Please write every entry out again, exactly as it reads below.

================================

(* Let $\{(x^k,y^k)\}$ be generated by the LSAAL algorithm described in the context, under the standing bounds (D2) and (D3). Then for $k=1,2,\dots$, $$\|x^{k+1}-x^k\|\le\sigma\Big\{[\kappa_f+\nu_g\kappa_g\sigma]+\kappa_g\|y^k\|\Big\}.$$
   Context: $\mathcal{Y}$ is a finite-dimensional Hilbert space, $\mathcal{K}\subset\mathcal{Y}$ a closed convex cone, $\mathcal{K}^\circ=\{v:\langle v,w\rangle\le0\ \forall w\in\mathcal{K}\}$ its polar cone, $\Pi_{\mathcal{K}^\circ}$ the metric projection onto $\mathcal{K}^\circ$. $X\subset\mathbb{R}^n$ is a nonempty convex compact set contained in an open convex set $\mathcal{O}$. $\xi$ is a random vector supported on $\Xi\subseteq\mathbb{R}^q$; $F:\mathcal{O}\times\Xi\to\mathbb{R}$, $G:\mathcal{O}\times\Xi\to\mathcal{Y}$ are, for every $\xi$, smooth in $x$, with gradient $\nabla_xF(x,\xi)$ and derivative $\mathrm{D}_xG(x,\xi)$. Samples $\xi_1,\xi_2,\dots$ of $\xi$ are given. (D2) There is $\nu_g>0$ with $\|G(x,\xi)\|\le\nu_g$ for all $x\in\mathcal{O}$ and all $\xi$. (D3) There are $\kappa_f,\kappa_g>0$ with $\|\nabla_xF(x,\xi)\|\le\kappa_f$ and $\|\mathrm{D}_xG(x,\xi)\|\le\kappa_g$ (operator norm) for all $x\in\mathcal{O}$ and all $\xi$. LSAAL algorithm: choose $x^1\in X$, $y^1=0$, $\sigma>0$. For $k=1,2,\dots$: $l_f^k(x)=F(x^k,\xi_k)+\langle\nabla_xF(x^k,\xi_k),x-x^k\rangle$, $l_g^k(x)=G(x^k,\xi_k)+\mathrm{D}_xG(x^k,\xi_k)(x-x^k)$, $l_\sigma^k(x,y)=l_f^k(x)+\frac{1}{2\sigma}[\|\Pi_{\mathcal{K}^\circ}(y+\sigma l_g^k(x))\|^2-\|y\|^2]$, $x^{k+1}=\mathrm{argmin}_{x\in X}\{l_\sigma^k(x,y^k)+\frac{1}{2\sigma}\|x-x^k\|^2\}$, $y^{k+1}=\Pi_{\mathcal{K}^\circ}(y^k+\sigma l_g^k(x^{k+1}))$. *)

From HB Require Import structures.
From mathcomp Require Import all_boot all_order all_algebra.
From mathcomp Require Import all_classical all_reals all_analysis.
Set Implicit Arguments. Unset Strict Implicit. Unset Printing Implicit Defensive.
Import Order.TTheory GRing.Theory Num.Theory.
Import numFieldNormedType.Exports.
Local Open Scope classical_set_scope.
Local Open Scope ring_scope.

Definition dotv (R : realType) (n : nat) (u v : 'rV[R]_n) : R :=
  \sum_(i < n) u ord0 i * v ord0 i.

Definition enorm (R : realType) (n : nat) (u : 'rV[R]_n) : R :=
  Num.sqrt (dotv u u).

Definition closed_convex_cone (R : realType) (m : nat) (K : set 'rV[R]_m) : Prop :=
  [/\ K 0, (forall t w, 0 <= t -> K w -> K (t *: w)),
      (forall u v, K u -> K v -> K (u + v)) & closed K].

Definition polar_cone (R : realType) (m : nat) (K : set 'rV[R]_m) : set 'rV[R]_m :=
  [set v | forall w, K w -> dotv v w <= 0].

Definition is_metric_proj (R : realType) (m : nat) (C : set 'rV[R]_m)
  (v p : 'rV[R]_m) : Prop :=
  C p /\ forall w, C w -> enorm (v - p) <= enorm (v - w).

Definition opnorm_le (R : realType) (n m : nat) (A : 'M[R]_(n, m)) (c : R) : Prop :=
  forall h : 'rV[R]_n, enorm (h *m A) <= c * enorm h.

Definition lin_f (R : realType) (n q : nat)
  (F : 'rV[R]_n -> 'rV[R]_q -> R) (gradF : 'rV[R]_n -> 'rV[R]_q -> 'rV[R]_n)
  (xk : 'rV[R]_n) (s : 'rV[R]_q) (z : 'rV[R]_n) : R :=
  F xk s + dotv (gradF xk s) (z - xk).

Definition lin_g (R : realType) (n m q : nat)
  (G : 'rV[R]_n -> 'rV[R]_q -> 'rV[R]_m) (DG : 'rV[R]_n -> 'rV[R]_q -> 'M[R]_(n, m))
  (xk : 'rV[R]_n) (s : 'rV[R]_q) (z : 'rV[R]_n) : 'rV[R]_m :=
  G xk s + (z - xk) *m DG xk s.

Definition lin_aug_lag (R : realType) (n m q : nat) (sigma : R)
  (Pi : 'rV[R]_m -> 'rV[R]_m)
  (F : 'rV[R]_n -> 'rV[R]_q -> R) (gradF : 'rV[R]_n -> 'rV[R]_q -> 'rV[R]_n)
  (G : 'rV[R]_n -> 'rV[R]_q -> 'rV[R]_m) (DG : 'rV[R]_n -> 'rV[R]_q -> 'M[R]_(n, m))
  (xk : 'rV[R]_n) (s : 'rV[R]_q) (z : 'rV[R]_n) (y : 'rV[R]_m) : R :=
  lin_f F gradF xk s z
  + (2 * sigma)^-1 * (enorm (Pi (y + sigma *: lin_g G DG xk s z)) ^+ 2 - enorm y ^+ 2).

Definition LSAAL_iterates (R : realType) (n m q : nat) (sigma : R)
  (X : set 'rV[R]_n) (Pi : 'rV[R]_m -> 'rV[R]_m)
  (F : 'rV[R]_n -> 'rV[R]_q -> R) (gradF : 'rV[R]_n -> 'rV[R]_q -> 'rV[R]_n)
  (G : 'rV[R]_n -> 'rV[R]_q -> 'rV[R]_m) (DG : 'rV[R]_n -> 'rV[R]_q -> 'M[R]_(n, m))
  (xi : nat -> 'rV[R]_q) (x : nat -> 'rV[R]_n) (y : nat -> 'rV[R]_m) : Prop :=
  [/\ X (x 1%N), y 1%N = 0 &
    forall k : nat, (1 <= k)%N ->
      [/\ X (x k.+1),
          (forall z, X z ->
             lin_aug_lag sigma Pi F gradF G DG (x k) (xi k) (x k.+1) (y k)
               + (2 * sigma)^-1 * enorm (x k.+1 - x k) ^+ 2
             <= lin_aug_lag sigma Pi F gradF G DG (x k) (xi k) z (y k)
               + (2 * sigma)^-1 * enorm (z - x k) ^+ 2)
        & y k.+1 = Pi (y k + sigma *: lin_g G DG (x k) (xi k) (x k.+1))]].

(* The subproblem defining x^{k+1} is a prox step: x^{k+1} minimises over X the
   function l_sigma^k(., y^k) + |. - x^k|^2 / (2 sigma).  Here l_sigma^k(., y^k)
   is convex, because w |-> |Pi(w)|^2 = max_{u in K°} (2<u, w> - |u|^2) is a
   supremum of affine functions, with subgradient 2 Pi(w).  The three-point
   inequality of the prox step at x^k, together with this subgradient at x^k,
   gives, for d = x^{k+1} - x^k,
     |d|^2 / sigma <= - <grad F, d> - <Pi(y^k + sigma G), d DG>,
   and Cauchy-Schwarz, |Pi w| <= |w|, (D2) and (D3) bound the right-hand side
   by |d| (kappa_f + kappa_g (|y^k| + sigma nu_g)). *)

From HB Require Import structures.
From mathcomp Require Import all_boot all_order all_algebra.
From mathcomp Require Import all_classical all_reals all_analysis.
From mathcomp Require Import ring lra.
Import Order.TTheory GRing.Theory Num.Theory.
Import numFieldNormedType.Exports.
Local Open Scope classical_set_scope.
Local Open Scope ring_scope.
Local Open Scope convex_scope.
Set Implicit Arguments. Unset Strict Implicit. Unset Printing Implicit Defensive.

================================

• _Task output_
(* Let $\{(x^k,y^k)\}$ be generated by the LSAAL algorithm described in the context, under the standing bounds (D2) and (D3). Then for $k=1,2,\dots$, $$\|x^{k+1}-x^k\|\le\sigma\Big\{[\kappa_f+\nu_g\kappa_g\sigma]+\kappa_g\|y^k\|\Big\}.$$
   Context: $\mathcal{Y}$ is a finite-dimensional Hilbert space, $\mathcal{K}\subset\mathcal{Y}$ a closed convex cone, $\mathcal{K}^\circ=\{v:\langle v,w\rangle\le0\ \forall w\in\mathcal{K}\}$ its polar cone, $\Pi_{\mathcal{K}^\circ}$ the metric projection onto $\mathcal{K}^\circ$. $X\subset\mathbb{R}^n$ is a nonempty convex compact set contained in an open convex set $\mathcal{O}$. $\xi$ is a random vector supported on $\Xi\subseteq\mathbb{R}^q$; $F:\mathcal{O}\times\Xi\to\mathbb{R}$, $G:\mathcal{O}\times\Xi\to\mathcal{Y}$ are, for every $\xi$, smooth in $x$, with gradient $\nabla_xF(x,\xi)$ and derivative $\mathrm{D}_xG(x,\xi)$. Samples $\xi_1,\xi_2,\dots$ of $\xi$ are given. (D2) There is $\nu_g>0$ with $\|G(x,\xi)\|\le\nu_g$ for all $x\in\mathcal{O}$ and all $\xi$. (D3) There are $\kappa_f,\kappa_g>0$ with $\|\nabla_xF(x,\xi)\|\le\kappa_f$ and $\|\mathrm{D}_xG(x,\xi)\|\le\kappa_g$ (operator norm) for all $x\in\mathcal{O}$ and all $\xi$. LSAAL algorithm: choose $x^1\in X$, $y^1=0$, $\sigma>0$. For $k=1,2,\dots$: $l_f^k(x)=F(x^k,\xi_k)+\langle\nabla_xF(x^k,\xi_k),x-x^k\rangle$, $l_g^k(x)=G(x^k,\xi_k)+\mathrm{D}_xG(x^k,\xi_k)(x-x^k)$, $l_\sigma^k(x,y)=l_f^k(x)+\frac{1}{2\sigma}[\|\Pi_{\mathcal{K}^\circ}(y+\sigma l_g^k(x))\|^2-\|y\|^2]$, $x^{k+1}=\mathrm{argmin}_{x\in X}\{l_\sigma^k(x,y^k)+\frac{1}{2\sigma}\|x-x^k\|^2\}$, $y^{k+1}=\Pi_{\mathcal{K}^\circ}(y^k+\sigma l_g^k(x^{k+1}))$. *)

From HB Require Import structures.
From mathcomp Require Import all_boot all_order all_algebra.
From mathcomp Require Import all_classical all_reals all_analysis.
Set Implicit Arguments. Unset Strict Implicit. Unset Printing Implicit Defensive.
Import Order.TTheory GRing.Theory Num.Theory.
Import numFieldNormedType.Exports.
Local Open Scope classical_set_scope.
Local Open Scope ring_scope.

Definition dotv (R : realType) (n : nat) (u v : 'rV[R]_n) : R :=
  \sum_(i < n) u ord0 i * v ord0 i.

Definition enorm (R : realType) (n : nat) (u : 'rV[R]_n) : R :=
  Num.sqrt (dotv u u).

Definition closed_convex_cone (R : realType) (m : nat) (K : set 'rV[R]_m) : Prop :=
  [/\ K 0, (forall t w, 0 <= t -> K w -> K (t *: w)),
      (forall u v, K u -> K v -> K (u + v)) & closed K].

Definition polar_cone (R : realType) (m : nat) (K : set 'rV[R]_m) : set 'rV[R]_m :=
  [set v | forall w, K w -> dotv v w <= 0].

Definition is_metric_proj (R : realType) (m : nat) (C : set 'rV[R]_m)
  (v p : 'rV[R]_m) : Prop :=
  C p /\ forall w, C w -> enorm (v - p) <= enorm (v - w).

Definition opnorm_le (R : realType) (n m : nat) (A : 'M[R]_(n, m)) (c : R) : Prop :=
  forall h : 'rV[R]_n, enorm (h *m A) <= c * enorm h.

Definition lin_f (R : realType) (n q : nat)
  (F : 'rV[R]_n -> 'rV[R]_q -> R) (gradF : 'rV[R]_n -> 'rV[R]_q -> 'rV[R]_n)
  (xk : 'rV[R]_n) (s : 'rV[R]_q) (z : 'rV[R]_n) : R :=
  F xk s + dotv (gradF xk s) (z - xk).

Definition lin_g (R : realType) (n m q : nat)
  (G : 'rV[R]_n -> 'rV[R]_q -> 'rV[R]_m) (DG : 'rV[R]_n -> 'rV[R]_q -> 'M[R]_(n, m))
  (xk : 'rV[R]_n) (s : 'rV[R]_q) (z : 'rV[R]_n) : 'rV[R]_m :=
  G xk s + (z - xk) *m DG xk s.

Definition lin_aug_lag (R : realType) (n m q : nat) (sigma : R)
  (Pi : 'rV[R]_m -> 'rV[R]_m)
  (F : 'rV[R]_n -> 'rV[R]_q -> R) (gradF : 'rV[R]_n -> 'rV[R]_q -> 'rV[R]_n)
  (G : 'rV[R]_n -> 'rV[R]_q -> 'rV[R]_m) (DG : 'rV[R]_n -> 'rV[R]_q -> 'M[R]_(n, m))
  (xk : 'rV[R]_n) (s : 'rV[R]_q) (z : 'rV[R]_n) (y : 'rV[R]_m) : R :=
  lin_f F gradF xk s z
  + (2 * sigma)^-1 * (enorm (Pi (y + sigma *: lin_g G DG xk s z)) ^+ 2 - enorm y ^+ 2).

Definition LSAAL_iterates (R : realType) (n m q : nat) (sigma : R)
  (X : set 'rV[R]_n) (Pi : 'rV[R]_m -> 'rV[R]_m)
  (F : 'rV[R]_n -> 'rV[R]_q -> R) (gradF : 'rV[R]_n -> 'rV[R]_q -> 'rV[R]_n)
  (G : 'rV[R]_n -> 'rV[R]_q -> 'rV[R]_m) (DG : 'rV[R]_n -> 'rV[R]_q -> 'M[R]_(n, m))
  (xi : nat -> 'rV[R]_q) (x : nat -> 'rV[R]_n) (y : nat -> 'rV[R]_m) : Prop :=
  [/\ X (x 1%N), y 1%N = 0 &
    forall k : nat, (1 <= k)%N ->
      [/\ X (x k.+1),
          (forall z, X z ->
             lin_aug_lag sigma Pi F gradF G DG (x k) (xi k) (x k.+1) (y k)
               + (2 * sigma)^-1 * enorm (x k.+1 - x k) ^+ 2
             <= lin_aug_lag sigma Pi F gradF G DG (x k) (xi k) z (y k)
               + (2 * sigma)^-1 * enorm (z - x k) ^+ 2)
        & y k.+1 = Pi (y k + sigma *: lin_g G DG (x k) (xi k) (x k.+1))]].

(* The subproblem defining x^{k+1} is a prox step: x^{k+1} minimises over X the
   function l_sigma^k(., y^k) + |. - x^k|^2 / (2 sigma).  Here l_sigma^k(., y^k)
   is convex, because w |-> |Pi(w)|^2 = max_{u in K°} (2<u, w> - |u|^2) is a
   supremum of affine functions, with subgradient 2 Pi(w).  The three-point
   inequality of the prox step at x^k, together with this subgradient at x^k,
   gives, for d = x^{k+1} - x^k,
     |d|^2 / sigma <= - <grad F, d> - <Pi(y^k + sigma G), d DG>,
   and Cauchy-Schwarz, |Pi w| <= |w|, (D2) and (D3) bound the right-hand side
   by |d| (kappa_f + kappa_g (|y^k| + sigma nu_g)). *)

From HB Require Import structures.
From mathcomp Require Import all_boot all_order all_algebra.
From mathcomp Require Import all_classical all_reals all_analysis.
From mathcomp Require Import ring lra.
Import Order.TTheory GRing.Theory Num.Theory.
Import numFieldNormedType.Exports.
Local Open Scope classical_set_scope.
Local Open Scope ring_scope.
Local Open Scope convex_scope.
Set Implicit Arguments. Unset Strict Implicit. Unset Printing Implicit Defensive.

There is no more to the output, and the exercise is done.